Este western pionero y silente era en buena medida un género épico, que reflejaba la visión que los norteamericanos tenían de sí mismos y que querían transmitir al mundo. Así, encontramos con que multitud de obras giran en torno a la odisea de los colonos, las carreras organizadas por el gobierno para adquirir tierras, los largos viajes en caravana o la llegada del ferrocarril. Partiendo de estas premisas, asistimos al relato de la construcción de los Estados Unidos, en el cual la violencia está siempre muy presente. De este modo, el western se revela como la auténtica epopeya del pueblo norteamericano, sirviendo como un documento que recoge y mitifica a toda una serie de personajes (como por ejemplo Buffalo Bill o los hermanos Wyatt), el resultado es que la fina línea que separa la realidad de la leyenda se difumina hasta hacerse casi imperceptible. Con la llegada del sonoro, el cine del Oeste, al igual que ocurrió con algunos otros géneros, perdió algo de fuelle; efectivamente, durante la década de 1930 el western experimentó un cierto declive, viéndose casi siempre relegado a la serie B y los seriales, en los cuales se curtiría un tal John Wayne.

Este es a grandes rasgos el panorama que nos encontramos cuando, en 1939, se estrena La diligencia, dirigida por el maestro John Ford. Y es que si Homero fue el gran poeta griego, el que cantó las hazañas de los héroes aqueos ante las puertas de Troya, y las peripecias de Odiseo en el camino de vuelta a Ítaca, Ford es el gran narrador de la conquista del oeste americano. En un momento en que el género vivía un momento de regresión, Ford tomó la decisión de embarcarse en la adaptación de un relato que él mismo había comprado por 2.500 dólares. Tras varios meses buscando financiación, logró convencer al productor independiente Walter Wanger, conocido en el mundillo cinematográfico por otorgar a sus directores un alto grado de autonomía. Esto permitió a Ford imponer a los relativamente desconocidos John Wayne y Claire Trevor para los papeles protagonistas, descartando la posibilidad de grandes estrellas como Gary Cooper o Marlene Dietricht.

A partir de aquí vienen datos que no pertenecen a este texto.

(* Let $d\ge2$, let $g=\sum_{\mathbf k}g_{\mathbf k}u^{\mathbf k}\in R_d$ satisfy conditions (A)–(D) below, and let $s\ge d-2$ be an integer. Define $\omega\in\mathbb R^{\mathbb Z^d}$ by $\omega_{\mathbf 0}=0$ and $\omega_{\mathbf n}=\|\mathbf n\|^{-s}$ for $\mathbf n\ne\mathbf 0$, where $\|\cdot\|$ is the Euclidean norm. Then $g\cdot\omega\in\ell^1(\mathbb Z^d)$, where $(g\cdot\omega)_{\mathbf n}=\sum_{\mathbf k}g_{\mathbf k}\omega_{\mathbf n-\mathbf k}$. Conditions: (A) $\sum_{\mathbf k}g_{\mathbf k}=0$; (B) $\sum_{\mathbf k}g_{\mathbf k}k_i=0$ for all $i$; (C) $\sum_{\mathbf k}g_{\mathbf k}k_ik_j=0$ for all $i\ne j$; (D) $\sum_{\mathbf k}g_{\mathbf k}(k_i^2-k_j^2)=0$ for all $i\ne j$.
   Context: $R_d=\mathbb Z[u_1^{\pm1},\dots,u_d^{\pm1}]$ with $u^{\mathbf k}=u_1^{k_1}\cdots u_d^{k_d}$; Laurent polynomials are identified with their finitely supported coefficient sequences on $\mathbb Z^d$. *)

From Stdlib Require Import Reals ZArith List.
Import ListNotations.

(* A point of Z^d is a list of d integers. *)
Definition pt := list Z.

Definition coord (k : pt) (i : nat) : Z := nth i k 0%Z.

Definition vsub (n k : pt) : pt :=
  map (fun p => (fst p - snd p)%Z) (combine n k).

Definition normsq (n : pt) : R :=
  fold_right (fun x acc => (IZR x * IZR x + acc)%R) 0%R n.
Definition eucl_norm (n : pt) : R := sqrt (normsq n).

Definition is_zero_pt (n : pt) : bool := forallb (fun x => Z.eqb x 0) n.

Definition omega (s : Z) (n : pt) : R :=
  if is_zero_pt n then 0%R else powerRZ (eucl_norm n) (- s).

(* A Laurent polynomial in R_d is a coefficient function g : Z^d -> Z
   with finite support; S is a duplicate-free list of points of Z^d
   containing the support of g. *)
Definition is_support (d : nat) (g : pt -> Z) (S : list pt) : Prop :=
  NoDup S /\ Forall (fun k => length k = d) S /\
  (forall k, g k <> 0%Z -> In k S).

Definition zsumS (S : list pt) (f : pt -> Z) : Z :=
  fold_right (fun k acc => (f k + acc)%Z) 0%Z S.

Definition condA (g : pt -> Z) (S : list pt) : Prop := zsumS S g = 0%Z.
Definition condB (d : nat) (g : pt -> Z) (S : list pt) : Prop :=
  forall i, (i < d)%nat -> zsumS S (fun k => g k * coord k i)%Z = 0%Z.
Definition condC (d : nat) (g : pt -> Z) (S : list pt) : Prop :=
  forall i j, (i < d)%nat -> (j < d)%nat -> i <> j ->
    zsumS S (fun k => g k * coord k i * coord k j)%Z = 0%Z.
Definition condD (d : nat) (g : pt -> Z) (S : list pt) : Prop :=
  forall i j, (i < d)%nat -> (j < d)%nat -> i <> j ->
    zsumS S (fun k => g k * (coord k i ^ 2 - coord k j ^ 2))%Z = 0%Z.

Definition conv (g : pt -> Z) (S : list pt) (s : Z) (n : pt) : R :=
  fold_right (fun k acc => (IZR (g k) * omega s (vsub n k) + acc)%R) 0%R S.

Definition ell1 (d : nat) (f : pt -> R) : Prop :=
  exists M : R, forall L : list pt,
    NoDup L -> Forall (fun n => length n = d) L ->
    (fold_right (fun n acc => Rabs (f n) + acc) 0 L <= M)%R.

(* Write r = |n|^2 and |n - k|^2 = r (1 + t_k) with t_k = (|k|^2 - 2 n.k) / r.
   For |n| large, omega_(n-k) = |n|^(-s) (1 + t_k)^al with al = -s/2, and the
   Taylor expansion (1 + t)^al = 1 + al t + be t^2 + O(t^3), be = al(al-1)/2,
   summed against g gives: the order-0 and order-1 moments vanish by (A), (B);
   by (C), (D) the second-moment matrix of g is a scalar mom2 * I, so the
   quadratic terms contribute (al d + 4 be) mom2 / r = (s/2)(s + 2 - d) mom2 / r,
   which vanishes for s = d - 2 and is O(|n|^(-(s+2))) = O(|n|^(-(d+1)))
   otherwise; everything else is O(|n|^(-(s+3))).  Hence
   |(g . omega)_n| = O((1 + |n|_1)^(-(d+1))), and summing this bound over
   boxes of Z^d one coordinate at a time gives a bound 3^d. *)
From Stdlib Require Import Reals Lra Lia Psatz ZArith List.
Import ListNotations.
Open Scope R_scope.

Definition rsum {A : Type} (L : list A) (f : A -> R) : R :=
  fold_right (fun k acc => f k + acc) 0 L.

Lemma rsum_plus {A} (l : list A) f h : rsum l (fun x => f x + h x) = rsum l f + rsum l h.
Proof. induction l; simpl; [ring | rewrite IHl; ring]. Qed.

Lemma rsum_scal {A} (l : list A) f a : rsum l (fun x => a * f x) = a * rsum l f.
Proof. induction l; simpl; [ring | rewrite IHl; ring]. Qed.

Lemma rsum_ext {A} (l : list A) f h : (forall x, In x l -> f x = h x) -> rsum l f = rsum l h.
Proof. induction l; simpl; intros H; [easy | rewrite H, IHl; auto]. Qed.

Lemma rsum_le {A} (l : list A) f h : (forall x, In x l -> f x <= h x) -> rsum l f <= rsum l h.
Proof.
  induction l; simpl; intros H; [lra |].
  apply Rplus_le_compat; [apply H | apply IHl; intros; apply H]; auto.
Qed.

Lemma rsum_nonneg {A} (l : list A) f : (forall x, In x l -> 0 <= f x) -> 0 <= rsum l f.
Proof.
  induction l; simpl; intros H; [lra |].
  apply Rplus_le_le_0_compat; [apply H | apply IHl; intros; apply H]; auto.
Qed.

Lemma rsum_abs {A} (l : list A) f : Rabs (rsum l f) <= rsum l (fun x => Rabs (f x)).
Proof.
  induction l; simpl; [rewrite Rabs_R0; lra |].
  eapply Rle_trans; [apply Rabs_triang | lra].
Qed.

Lemma rsum_in_le {A} (l : list A) f x :
  (forall y, In y l -> 0 <= f y) -> In x l -> f x <= rsum l f.
Proof.
  induction l; simpl; intros H Hx; [contradiction |].
  destruct Hx as [-> | Hx].
  - assert (0 <= rsum l f) by (apply rsum_nonneg; auto). lra.
  - assert (f x <= rsum l f) by (apply IHl; auto). assert (0 <= f a) by auto. lra.
Qed.

Lemma rsum_app {A} (l1 l2 : list A) f : rsum (l1 ++ l2) f = rsum l1 f + rsum l2 f.
Proof. induction l1; simpl; [ring | rewrite IHl1; ring]. Qed.

Lemma rsum_map {A B} (h : A -> B) l f : rsum (map h l) f = rsum l (fun x => f (h x)).
Proof. induction l; simpl; [ring | rewrite IHl; ring]. Qed.

Lemma rsum_flat_map {A B} (h : A -> list B) l f :
  rsum (flat_map h l) f = rsum l (fun x => rsum (h x) f).
Proof. induction l; simpl; [ring | rewrite rsum_app, IHl; ring]. Qed.

Lemma rsum_sub {A} (L B : list A) f :
  NoDup L -> (forall x, In x L -> In x B) -> (forall x, 0 <= f x) ->
  rsum L f <= rsum B f.
Proof.
  revert B. induction L as [|a L IH]; intros B HN Hin Hf.
  - apply rsum_nonneg; auto.
  - inversion HN as [|? ? HaL HL]; subst.
    destruct (in_split a B (Hin a (or_introl eq_refl))) as [B1 [B2 ->]].
    assert (Hrest : rsum L f <= rsum (B1 ++ B2) f).
    { apply IH; auto. intros x Hx.
      assert (Hx' := Hin x (or_intror Hx)).
      apply in_app_or in Hx'. apply in_or_app.
      destruct Hx' as [H | [-> | H]]; auto; contradiction. }
    rewrite rsum_app in *. simpl. lra.
Qed.

Fixpoint nsum (d : nat) (f : nat -> R) : R :=
  match d with
  | O => 0
  | S d' => f O + nsum d' (fun i => f (S i))
  end.

Lemma nsum_ext d : forall f h, (forall i, (i < d)%nat -> f i = h i) -> nsum d f = nsum d h.
Proof.
  induction d; intros f h H; simpl; auto.
  rewrite H by lia. f_equal. apply IHd. intros; apply H; lia.
Qed.

Lemma nsum_plus d : forall f h, nsum d (fun i => f i + h i) = nsum d f + nsum d h.
Proof. induction d; intros; simpl; [ring | rewrite IHd; ring]. Qed.

Lemma nsum_scal d : forall f a, nsum d (fun i => a * f i) = a * nsum d f.
Proof. induction d; intros; simpl; [ring | rewrite IHd; ring]. Qed.

Lemma nsum_const d c : nsum d (fun _ => c) = INR d * c.
Proof. induction d; simpl nsum; [simpl; ring | rewrite IHd, S_INR; ring]. Qed.

Lemma nsum_delta d : forall i f, (i < d)%nat ->
  nsum d (fun j => if Nat.eqb i j then f j else 0) = f i.
Proof.
  induction d; intros i f Hi; [lia |]. simpl.
  destruct i as [|i]; simpl.
  - rewrite nsum_const. ring.
  - rewrite (IHd i (fun j => f (S j))) by lia. ring.
Qed.

Lemma nsum_le d : forall f h, (forall i, (i < d)%nat -> f i <= h i) -> nsum d f <= nsum d h.
Proof.
  induction d; intros f h H; simpl; [lra |].
  apply Rplus_le_compat; [apply H; lia | apply IHd; intros; apply H; lia].
Qed.

Lemma nsum_nonneg d f : (forall i, (i < d)%nat -> 0 <= f i) -> 0 <= nsum d f.
Proof. intros H. rewrite <- (Rmult_0_r (INR d)), <- nsum_const. now apply nsum_le. Qed.

Lemma nsum_abs d : forall f, Rabs (nsum d f) <= nsum d (fun i => Rabs (f i)).
Proof.
  induction d; intros; simpl; [rewrite Rabs_R0; lra |].
  eapply Rle_trans; [apply Rabs_triang |]. specialize (IHd (fun i => f (S i))). lra.
Qed.

Lemma nsum_mul d f h : nsum d f * nsum d h = nsum d (fun i => nsum d (fun j => f i * h j)).
Proof.
  rewrite Rmult_comm, <- (nsum_scal d f (nsum d h)). apply nsum_ext. intros i _.
  rewrite Rmult_comm, <- (nsum_scal d h (f i)). apply nsum_ext. intros; ring.
Qed.

Lemma rsum_nsum {A} (l : list A) d F :
  rsum l (fun k => nsum d (F k)) = nsum d (fun i => rsum l (fun k => F k i)).
Proof.
  revert F; induction d; intros F; simpl.
  - induction l; simpl; [ring | rewrite IHl; ring].
  - rewrite rsum_plus. f_equal. apply (IHd (fun k i => F k (S i))).
Qed.

Lemma IZR_zsumS S f : IZR (zsumS S f) = rsum S (fun k => IZR (f k)).
Proof. induction S; simpl; [auto | rewrite plus_IZR, IHS; reflexivity]. Qed.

Para la elaboración del guion, Ford contó con la colaboración de Dudley Nichols, responsable en buena medida de la transformación que experimentó el género a partir de ese momento. Entre ambos llevaron a cabo algo realmente difícil, ya que sin dejar de lado la paisajística inherente al género, redujeron la mayoría de los conflictos a toda una serie de gestos, miradas, silencios y palabras que, en palabras de Quim Casas, ‘’redimensionaron la rudimentaria psicología del género y abrieron nuevas vías expresivas’’. El guion de La diligencia se basa en un relato aparecido en la revista Collier’s, Stage to Lordsburg. Su autor, Ernest Haycox, se había inspirado a su vez en uno de los cuentos de guerra de Guy de Maupassant, Boule de suif (o Bola de sebo). En él, se cuenta la historia de una prostituta que duerme con un oficial prusiano para que ella y sus compañeros de la diligencia puedan continuar el viaje a salvo. Los pasajeros la obligan a hacer eso y luego la desprecian por ello, poniéndose de relieve su hipocresía.

La Diligencia Stagecoach John Ford 1939 Behind the Scenes

3. Momento del rodaje.

El argumento de la película no es demasiado complejo. Encontramos a una serie de personas que, hacia 1884, viaja en diligencia desde Tonto hasta Lordsburg. Son individuos con motivaciones muy diferentes que acaban por configurar un grupo extraordinariamente variopinto, encontrando dentro del mismo a un hombre perseguido por la ley llamado Ringo Kid, a una prostituta, a una embarazada de buena familia, un comerciante de licores, un banquero que ha robado a su propio banco, un médico que con frecuencia se halla alcoholizado y a un hombre aficionado al juego.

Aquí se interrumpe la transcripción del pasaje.